0

I have problem in a windows service which is using TPL DataFlow to manage a queue (database) and redirects work to a grid computing service. And at one point BufferBlock stops releasing tasks, and I am not sure why. I think it's because some exceptions happen during execution of some tasks, but they get suppressed and it's difficult to understand at which point BufferBlock stops accepting new tasks.

I tried to simplify it in the working example below. It doesn't have any exception handling and I and wondering how to properly handle exceptions in TPL. I found something similar here TPL Dataflow, guarantee completion only when ALL source data blocks completed.

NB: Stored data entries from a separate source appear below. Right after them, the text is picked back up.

(* Let $B\ge1$, $C\ge1$ and $\theta,\tilde\theta\in[-B,B]^P$. Then for all $\mathbf{x}\in\mathbb{R}^p$, \[ |f_\theta(\mathbf{x})-f_{\tilde\theta}(\mathbf{x})|\le 4(2rB)^L(|\mathbf{x}|_1\vee1)\,|\theta-\tilde\theta|_\infty. \]
   Context: ReLU $\sigma(x)=\max(x,0)$ coordinatewise. For $L,r\in\mathbb{N}$, $g_\theta(\mathbf{x})=W^{(L+1)}\mathbf{x}^{(L)}+v^{(L+1)}$ with $\mathbf{x}^{(0)}=\mathbf{x}\in\mathbb{R}^p$, $\mathbf{x}^{(l)}=\sigma(W^{(l)}\mathbf{x}^{(l-1)}+v^{(l)})$ for $l=1,\dots,L$, where $W^{(1)}\in\mathbb{R}^{r\times p}$, $W^{(2)},\dots,W^{(L)}\in\mathbb{R}^{r\times r}$, $W^{(L+1)}\in\mathbb{R}^{1\times r}$, $v^{(1)},\dots,v^{(L)}\in\mathbb{R}^r$, $v^{(L+1)}\in\mathbb{R}$, all entries collected in $\theta\in\mathbb{R}^P$, $P=(p+1)r+(L-1)(r+1)r+r+1$. Clipped network $f_\theta=(-C)\vee(g_\theta\wedge C)$. $|\cdot|_1,|\cdot|_\infty$ are the $\ell^1$ and $\ell^\infty$ norms. *)

From HB Require Import structures.
From mathcomp Require Import all_boot all_order all_algebra.
From mathcomp Require Import reals.
Set Implicit Arguments. Unset Strict Implicit. Unset Printing Implicit Defensive.
Import Order.TTheory GRing.Theory Num.Theory.
Local Open Scope ring_scope.

(* The parameter vector theta of a ReLU network of depth L and width r on R^p.
   W_in = W^(1), v_in = v^(1); W_hid k = W^(k+2), v_hid k = v^(k+2) for
   k = 0..L-2; W_out = W^(L+1), v_out = v^(L+1).  Its entries are exactly the
   P = (p+1)r + (L-1)(r+1)r + r + 1 coordinates of theta. *)
Record nnparam (R : pzRingType) (p r L : nat) := NNParam {
  W_in  : 'M[R]_(r, p);
  v_in  : 'cV[R]_r;
  W_hid : 'I_L.-1 -> 'M[R]_r;
  v_hid : 'I_L.-1 -> 'cV[R]_r;
  W_out : 'rV[R]_r;
  v_out : R }.

Section NN.
Variable R : realType.

Definition relu_v (n : nat) (v : 'cV[R]_n) : 'cV[R]_n :=
  map_mx (fun a => Num.max a 0) v.

Definition net_g (p r L : nat) (th : nnparam R p r L) (x : 'cV[R]_p) : R :=
  let h1 := relu_v (W_in th *m x + v_in th) in
  let hL := foldl (fun h k => relu_v (W_hid th k *m h + v_hid th k)) h1
                  (enum 'I_L.-1) in
  (W_out th *m hL) 0 0 + v_out th.

Definition net_f (p r L : nat) (C : R) (th : nnparam R p r L) (x : 'cV[R]_p) : R :=
  Num.max (- C) (Num.min (net_g th x) C).

Definition norm1 (p : nat) (x : 'cV[R]_p) : R := \sum_(i < p) `|x i 0|.

Definition mxsup (m n : nat) (A : 'M[R]_(m, n)) : R :=
  \big[Num.max/0]_(i < m) \big[Num.max/0]_(j < n) `|A i j|.

Definition param_sup (p r L : nat) (th : nnparam R p r L) : R :=
  Num.max (mxsup (W_in th))
 (Num.max (mxsup (v_in th))
 (Num.max (\big[Num.max/0]_(k < L.-1) mxsup (W_hid th k))
 (Num.max (\big[Num.max/0]_(k < L.-1) mxsup (v_hid th k))
 (Num.max (mxsup (W_out th)) `|v_out th|)))).

Definition param_sub (p r L : nat) (th th' : nnparam R p r L) : nnparam R p r L :=
  NNParam (W_in th - W_in th') (v_in th - v_in th')
          (fun k => W_hid th k - W_hid th' k) (fun k => v_hid th k - v_hid th' k)
          (W_out th - W_out th') (v_out th - v_out th').

Definition in_box (p r L : nat) (B : R) (th : nnparam R p r L) : Prop :=
  (forall i j, - B <= W_in th i j <= B) /\
  (forall i j, - B <= v_in th i j <= B) /\
  (forall k i j, - B <= W_hid th k i j <= B) /\
  (forall k i j, - B <= v_hid th k i j <= B) /\
  (forall i j, - B <= W_out th i j <= B) /\
  - B <= v_out th <= B.

End NN.

From HB Require Import structures.
From mathcomp Require Import all_boot all_order all_algebra.
From mathcomp Require Import reals.
From mathcomp Require Import lra.

Set Implicit Arguments.
Unset Strict Implicit.
Unset Printing Implicit Defensive.

Import Order.TTheory GRing.Theory Num.Theory.
Local Open Scope ring_scope.

(* Measure activations in the entrywise sup norm |.|.  A layer
   h |-> relu (W h + v) with weights bounded by B maps |h| to at most
   r B |h| + B, and, ReLU being 1-Lipschitz, perturbing the weights by
   D = |theta - theta'|_inf and the input from h to h' moves the output by at
   most r D |h| + r B |h - h'| + D.  Induction over the layers gives
   |h| <= 2 B m (2 r B)^(k-1) and |h - h'| <= 3 D m (2 r B)^(k-1) after k
   layers, with m = max(|x|_1, 1); the output layer contributes a last factor
   2 r B, and clipping is 1-Lipschitz. *)

Section ScalarLipschitz.
Variable R : realDomainType.
Implicit Types a b c d : R.

Lemma normr_relu a : `|Num.max a 0| <= `|a|.
Proof. by have [] := leP a 0; rewrite ?normr0. Qed.

Lemma dist_maxl c a b : `|Num.max c a - Num.max c b| <= `|a - b|.
Proof.
have := ler_norm (a - b); have := ler_norm (b - a); rewrite distrC.
by have [] := leP c a; have [] := leP c b; rewrite ler_norml; lra.
Qed.

Lemma dist_minr d a b : `|Num.min a d - Num.min b d| <= `|a - b|.
Proof.
have := ler_norm (a - b); have := ler_norm (b - a); rewrite distrC.
by have [] := leP a d; have [] := leP b d; rewrite ler_norml; lra.
Qed.

Lemma dist_relu a b : `|Num.max a 0 - Num.max b 0| <= `|a - b|.
Proof. by rewrite ![Num.max _ 0]maxC dist_maxl. Qed.

Lemma dist_clip c d a b :
  `|Num.max c (Num.min a d) - Num.max c (Num.min b d)| <= `|a - b|.
Proof. exact: le_trans (dist_maxl _ _ _) (dist_minr _ _ _). Qed.

End ScalarLipschitz.

Section SupNorm.
Variable R : realType.

Lemma mxsup_ge0 m n (A : 'M[R]_(m, n)) : 0 <= mxsup A.
Proof. exact: bigmax_ge_id. Qed.

Lemma mxsup_ge m n (A : 'M[R]_(m, n)) i j : `|A i j| <= mxsup A.
Proof.
apply: le_trans (le_bigmax _ _ i).
exact: le_bigmax (fun j => `|A i j|) j.
Qed.

Lemma mxsup_ge_sub m n (A B : 'M[R]_(m, n)) i j : `|A i j - B i j| <= mxsup (A - B).
Proof. by have := mxsup_ge (A - B) i j; rewrite !mxE. Qed.

Lemma mxsup_le m n (A : 'M[R]_(m, n)) b :
  0 <= b -> (forall i j, `|A i j| <= b) -> mxsup A <= b.
Proof. by move=> b_ge0 Ab; do 2![apply: bigmax_le => // ? _]. Qed.

Lemma mxsupD m n (A B : 'M[R]_(m, n)) : mxsup (A + B) <= mxsup A + mxsup B.
Proof.
apply: mxsup_le => [|i j]; first by rewrite addr_ge0 ?mxsup_ge0.
by rewrite mxE (le_trans (ler_normD _ _)) // lerD ?mxsup_ge.
Qed.

Lemma mxsup_mulmx m n k (A : 'M[R]_(m, n)) (B : 'M[R]_(n, k)) :
  mxsup (A *m B) <= n%:R * (mxsup A * mxsup B).
Proof.
apply: mxsup_le => [|i j]; first by rewrite !mulr_ge0 ?mxsup_ge0.
rewrite mxE (le_trans (ler_norm_sum _ _ _)) //.
rewrite mulr_natl -[n in _ *+ n]card_ord -sumr_const; apply: ler_sum => l _.
by rewrite normrM ler_pM ?mxsup_ge.
Qed.

Lemma mxsup_mulmx_norm1 m n (A : 'M[R]_(m, n)) (x : 'cV[R]_n) :
  mxsup (A *m x) <= mxsup A * norm1 x.
Proof.
apply: mxsup_le => [|i j]; first by rewrite mulr_ge0 ?mxsup_ge0 ?sumr_ge0.
rewrite mxE /norm1 mulr_sumr (le_trans (ler_norm_sum _ _ _)) //.
by apply: ler_sum => l _; rewrite ord1 normrM ler_wpM2r ?mxsup_ge.
Qed.

Lemma mxsup_mulmx_sub m n k (A A' : 'M[R]_(m, n)) (B B' : 'M[R]_(n, k)) :
  mxsup (A *m B - A' *m B')
    <= n%:R * (mxsup (A - A') * mxsup B) + n%:R * (mxsup A' * mxsup (B - B')).
Proof.
have -> : A *m B - A' *m B' = (A - A') *m B + A' *m (B - B').
  by rewrite mulmxBl mulmxBr addrA subrK.
by rewrite (le_trans (mxsupD _ _)) // lerD ?mxsup_mulmx.
Qed.

Lemma mxsup_relu n (u : 'cV[R]_n) : mxsup (relu_v u) <= mxsup u.
Proof.
apply: mxsup_le => [|i j]; first exact: mxsup_ge0.
by rewrite mxE (le_trans (normr_relu _)) ?mxsup_ge.
Qed.

Lemma mxsup_relu_sub n (u u' : 'cV[R]_n) :
  mxsup (relu_v u - relu_v u') <= mxsup (u - u').
Proof.
apply: mxsup_le => [|i j]; first exact: mxsup_ge0.
by rewrite !mxE (le_trans (dist_relu _ _)) ?mxsup_ge_sub.
Qed.

End SupNorm.

Section ParameterNorm.
Variables (R : realType) (p r L : nat).
Implicit Types (th : nnparam R p r L) (B : R).

Lemma param_sup_W_in th : mxsup (W_in th) <= param_sup th.
Proof. by rewrite /param_sup !le_max lexx. Qed.

Lemma param_sup_v_in th : mxsup (v_in th) <= param_sup th.
Proof. by rewrite /param_sup !le_max lexx !orbT. Qed.

Lemma param_sup_W_hid th k : mxsup (W_hid th k) <= param_sup th.
Proof.
apply: le_trans (le_bigmax 0 (fun k => mxsup (W_hid th k)) k) _.
by rewrite /param_sup !le_max lexx !orbT.
Qed.

Lemma param_sup_v_hid th k : mxsup (v_hid th k) <= param_sup th.
Proof.
apply: le_trans (le_bigmax 0 (fun k => mxsup (v_hid th k)) k) _.
by rewrite /param_sup !le_max lexx !orbT.
Qed.

Lemma param_sup_W_out th : mxsup (W_out th) <= param_sup th.
Proof. by rewrite /param_sup !le_max lexx !orbT. Qed.

Lemma param_sup_v_out th : `|v_out th| <= param_sup th.
Proof. by rewrite /param_sup !le_max lexx !orbT. Qed.

Lemma param_sup_ge0 th : 0 <= param_sup th.
Proof. exact: le_trans (param_sup_v_out th). Qed.

Lemma param_sup_le_box B th : 0 <= B -> in_box B th -> param_sup th <= B.
Proof.
move=> B_ge0 [W1 [v1 [Wh [vh [Wo vo]]]]].
have entry_le x : - B <= x <= B -> `|x| <= B by rewrite ler_norml.
rewrite /param_sup !ge_max (entry_le _ vo) andbT.
have box_mxsup m n (A : 'M[R]_(m, n)) :
    (forall i j, - B <= A i j <= B) -> mxsup A <= B.
  by move=> A_box; apply: mxsup_le => // i j; apply: entry_le.
by apply/and5P; split; rewrite ?box_mxsup //; apply: bigmax_le => // k _;
  apply: box_mxsup.
Qed.

End ParameterNorm.

Section Layers.
Variable R : realType.

Definition relu_layer m n (W : 'M[R]_(n, m)) (v : 'cV[R]_n) (h : 'cV[R]_m) :=
  relu_v (W *m h + v).

Lemma mxsup_relu_layer m n (W : 'M[R]_(n, m)) v h :
  mxsup (relu_layer W v h) <= m%:R * (mxsup W * mxsup h) + mxsup v.
Proof.
apply: le_trans (mxsup_relu _) _.
by rewrite (le_trans (mxsupD _ _)) // lerD ?mxsup_mulmx.
Qed.

Lemma mxsup_relu_layer_sub m n (W W' : 'M[R]_(n, m)) v v' h h' :
  mxsup (relu_layer W v h - relu_layer W' v' h')
    <= m%:R * (mxsup (W - W') * mxsup h) + m%:R * (mxsup W' * mxsup (h - h'))
       + mxsup (v - v').
Proof.
apply: le_trans (mxsup_relu_sub _ _) _.
rewrite opprD addrACA (le_trans (mxsupD _ _)) // lerD //.
exact: mxsup_mulmx_sub.
Qed.

End Layers.

Section Propagation.
Variables (R : realType) (n : nat) (B D m : R).
Hypotheses (n_ge1 : 1 <= n%:R :> R) (B_ge1 : 1 <= B) (D_ge0 : 0 <= D)
  (m_ge1 : 1 <= m).

Definition activation_bound (q : R) (h h' : 'cV[R]_n) :=
  mxsup h <= 2 * B * m * q /\ mxsup (h - h') <= 3 * D * m * q.

Lemma input_layer_bound p (W W' : 'M[R]_(n, p)) v v' x :
  norm1 x <= m -> mxsup W <= B -> mxsup v <= B ->
  mxsup (W - W') <= D -> mxsup (v - v') <= D ->
  activation_bound 1 (relu_layer W v x) (relu_layer W' v' x).
Proof.
move=> x_le W_le v_le dW_le dv_le.
have x_ge0 : 0 <= norm1 x by apply: sumr_ge0.
have B_le : B <= B * m by rewrite ler_peMr // (le_trans ler01).
have D_le : D <= D * m by rewrite ler_peMr.
split.
- have Wx_le : mxsup W * norm1 x <= B * m by rewrite ler_pM ?mxsup_ge0.
  apply: le_trans (mxsup_relu _) _; apply: le_trans (mxsupD _ _) _.
  by apply: le_trans (lerD (mxsup_mulmx_norm1 _ _) v_le) _; lra.
- have dWx_le : mxsup (W *m x - W' *m x) <= D * m.
    by rewrite -mulmxBl (le_trans (mxsup_mulmx_norm1 _ _)) // ler_pM ?mxsup_ge0.
  apply: le_trans (mxsup_relu_sub _ _) _.
  rewrite opprD addrACA (le_trans (mxsupD _ _)) //.
  by apply: le_trans (lerD dWx_le dv_le) _; move: D_ge0; lra.
Qed.

Lemma relu_layer_bound q (W W' : 'M[R]_n) v v' h h' :
  1 <= q -> mxsup W <= B -> mxsup W' <= B -> mxsup v <= B ->
  mxsup (W - W') <= D -> mxsup (v - v') <= D -> activation_bound q h h' ->
  activation_bound (q * (2 * n%:R * B)) (relu_layer W v h) (relu_layer W' v' h').
Proof.
move=> q_ge1 W_le W'_le v_le dW_le dv_le [h_le dh_le].
have B_ge0 : 0 <= B by apply: le_trans B_ge1.
have nBmq_ge1 : 1 <= n%:R * B * m * q by rewrite !mulr_ege1.
have B_le : B <= B * (n%:R * B * m * q) by rewrite ler_peMr.
have D_le : D <= D * (n%:R * B * m * q) by rewrite ler_peMr.
have scale := ler_wpM2l (ler0n R n).
split.
- have Wh_le : mxsup W * mxsup h <= B * (2 * B * m * q).
    by rewrite ler_pM ?mxsup_ge0.
  apply: le_trans (mxsup_relu_layer _ _ _) _.
  by move: (scale _ _ Wh_le); lra.
- have dWh_le : mxsup (W - W') * mxsup h <= D * (2 * B * m * q).
    by rewrite ler_pM ?mxsup_ge0.
  have Wdh_le : mxsup W' * mxsup (h - h') <= B * (3 * D * m * q).
    by rewrite ler_pM ?mxsup_ge0.
  apply: le_trans (mxsup_relu_layer_sub _ _ _ _ _ _) _.
  by move: (scale _ _ dWh_le) (scale _ _ Wdh_le); lra.
Qed.

Lemma foldl_relu_layer_bound (I : Type) (Ws Ws' : I -> 'M[R]_n)
    (vs vs' : I -> 'cV[R]_n) :
  (forall k, mxsup (Ws k) <= B) -> (forall k, mxsup (Ws' k) <= B) ->
  (forall k, mxsup (vs k) <= B) -> (forall k, mxsup (Ws k - Ws' k) <= D) ->
  (forall k, mxsup (vs k - vs' k) <= D) ->
  forall (s : seq I) q h h', 1 <= q -> activation_bound q h h' ->
  activation_bound (q * (2 * n%:R * B) ^+ size s)
    (foldl (fun h k => relu_layer (Ws k) (vs k) h) h s)
    (foldl (fun h k => relu_layer (Ws' k) (vs' k) h) h' s).
Proof.
move=> W_le W'_le v_le dW_le dv_le.
elim=> [|k s IHs] q h h' q_ge1 hh' /=; first by rewrite mulr1.
have K_ge1 : 1 <= 2 * n%:R * B by rewrite !mulr_ege1 // ler1n.
rewrite exprS mulrA; apply: IHs; first by rewrite mulr_ege1.
exact: relu_layer_bound.
Qed.

Lemma output_layer_bound q (w w' : 'rV[R]_n) b b' h h' :
  1 <= q -> mxsup w' <= B -> mxsup (w - w') <= D -> `|b - b'| <= D ->
  activation_bound q h h' ->
  `|((w *m h) 0 0 + b) - ((w' *m h') 0 0 + b')|
    <= 3 * D * m * (q * (2 * n%:R * B)).
Proof.
move=> q_ge1 w'_le dw_le db_le [h_le dh_le].
have D_le : D <= D * (n%:R * B * m * q) by rewrite ler_peMr // !mulr_ege1.
have scale := ler_wpM2l (ler0n R n).
have dwh_le : mxsup (w - w') * mxsup h <= D * (2 * B * m * q).
  by rewrite ler_pM ?mxsup_ge0.
have wdh_le : mxsup w' * mxsup (h - h') <= B * (3 * D * m * q).
  by rewrite ler_pM ?mxsup_ge0.
rewrite opprD addrACA (le_trans (ler_normD _ _)) //.
apply: le_trans (lerD (mxsup_ge_sub _ _ 0 0) db_le) _.
apply: le_trans (lerD (mxsup_mulmx_sub _ _ _ _) (lexx D)) _.
by move: (scale _ _ dwh_le) (scale _ _ wdh_le); lra.
Qed.

End Propagation.

Lemma dist_net_g (R : realType) p r L (B : R) (th th' : nnparam R p r L) x :
  (0 < r)%N -> (0 < L)%N -> 1 <= B -> in_box B th -> in_box B th' ->
  `|net_g th x - net_g th' x|
    <= 3 * param_sup (param_sub th th') * Num.max (norm1 x) 1 * (2 * r%:R * B) ^+ L.
Proof.
move=> r_gt0 L_gt0 B_ge1 box box'.
set D := param_sup (param_sub th th'); set m := Num.max (norm1 x) 1.
have r_ge1 : 1 <= r%:R :> R by rewrite ler1n.
have D_ge0 : 0 <= D := param_sup_ge0 _.
have m_ge1 : 1 <= m by rewrite le_max lexx orbT.
have x_le : norm1 x <= m by rewrite le_max lexx.
have B_ge0 : 0 <= B by apply: le_trans B_ge1.
have sup_le := param_sup_le_box B_ge0 box.
have sup_le' := param_sup_le_box B_ge0 box'.
have input := input_layer_bound B_ge1 D_ge0 m_ge1 x_le
  (le_trans (param_sup_W_in th) sup_le) (le_trans (param_sup_v_in th) sup_le)
  (param_sup_W_in (param_sub th th')) (param_sup_v_in (param_sub th th')).
have hidden := foldl_relu_layer_bound r_ge1 B_ge1 D_ge0 m_ge1
  (fun k => le_trans (param_sup_W_hid th k) sup_le)
  (fun k => le_trans (param_sup_W_hid th' k) sup_le')
  (fun k => le_trans (param_sup_v_hid th k) sup_le)
  (param_sup_W_hid (param_sub th th')) (param_sup_v_hid (param_sub th th'))
  (enum 'I_L.-1) (lexx 1) input.
rewrite size_enum_ord mul1r in hidden.
have Kpow_ge1 : 1 <= (2 * r%:R * B) ^+ L.-1.
  by rewrite exprn_ege1 // !mulr_ege1 // ler1n.
rewrite /net_g -[in X in _ <= X](prednK L_gt0) exprSr.
by apply: le_trans (output_layer_bound r_ge1 B_ge1 D_ge0 m_ge1 Kpow_ge1
  (le_trans (param_sup_W_out th') sup_le') (param_sup_W_out (param_sub th th'))
  (param_sup_v_out (param_sub th th')) hidden) _.
Qed.

Theorem lemma4p4 (R : realType) (p r L : nat) (B C : R)
  (th th' : nnparam R p r L) :
  (0 < p)%N -> (0 < r)%N -> (0 < L)%N ->
  1 <= B -> 1 <= C -> in_box B th -> in_box B th' ->
  forall x : 'cV[R]_p,
    `|net_f C th x - net_f C th' x|
      <= 4 * (2 * r%:R * B) ^+ L * Num.max (norm1 x) 1 * param_sup (param_sub th th').
Proof.
move=> _ r_gt0 L_gt0 B_ge1 _ box box' x.
apply: le_trans (dist_clip _ _ _ _) _.
apply: le_trans (dist_net_g x r_gt0 L_gt0 B_ge1 box box') _.
have K_ge0 : 0 <= 2 * r%:R * B by rewrite !mulr_ge0 // (le_trans ler01).
have m_ge0 : 0 <= Num.max (norm1 x) 1 by rewrite le_max ler01 orbT.
have : 0 <= param_sup (param_sub th th') * Num.max (norm1 x) 1 * (2 * r%:R * B) ^+ L.
  by rewrite !mulr_ge0 ?exprn_ge0 ?param_sup_ge0.
lra.
Qed.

In this example I have 100 requests, and process data in batches with 10 requests. Emulating some exception which happens if ID % 9 == 0 If I don't catch this exception, it works a bit and then stops accepting new requests. If I handle and return Result.Failure it works fine I believe, but I'm not sure if it's a proper way to have it in production environment.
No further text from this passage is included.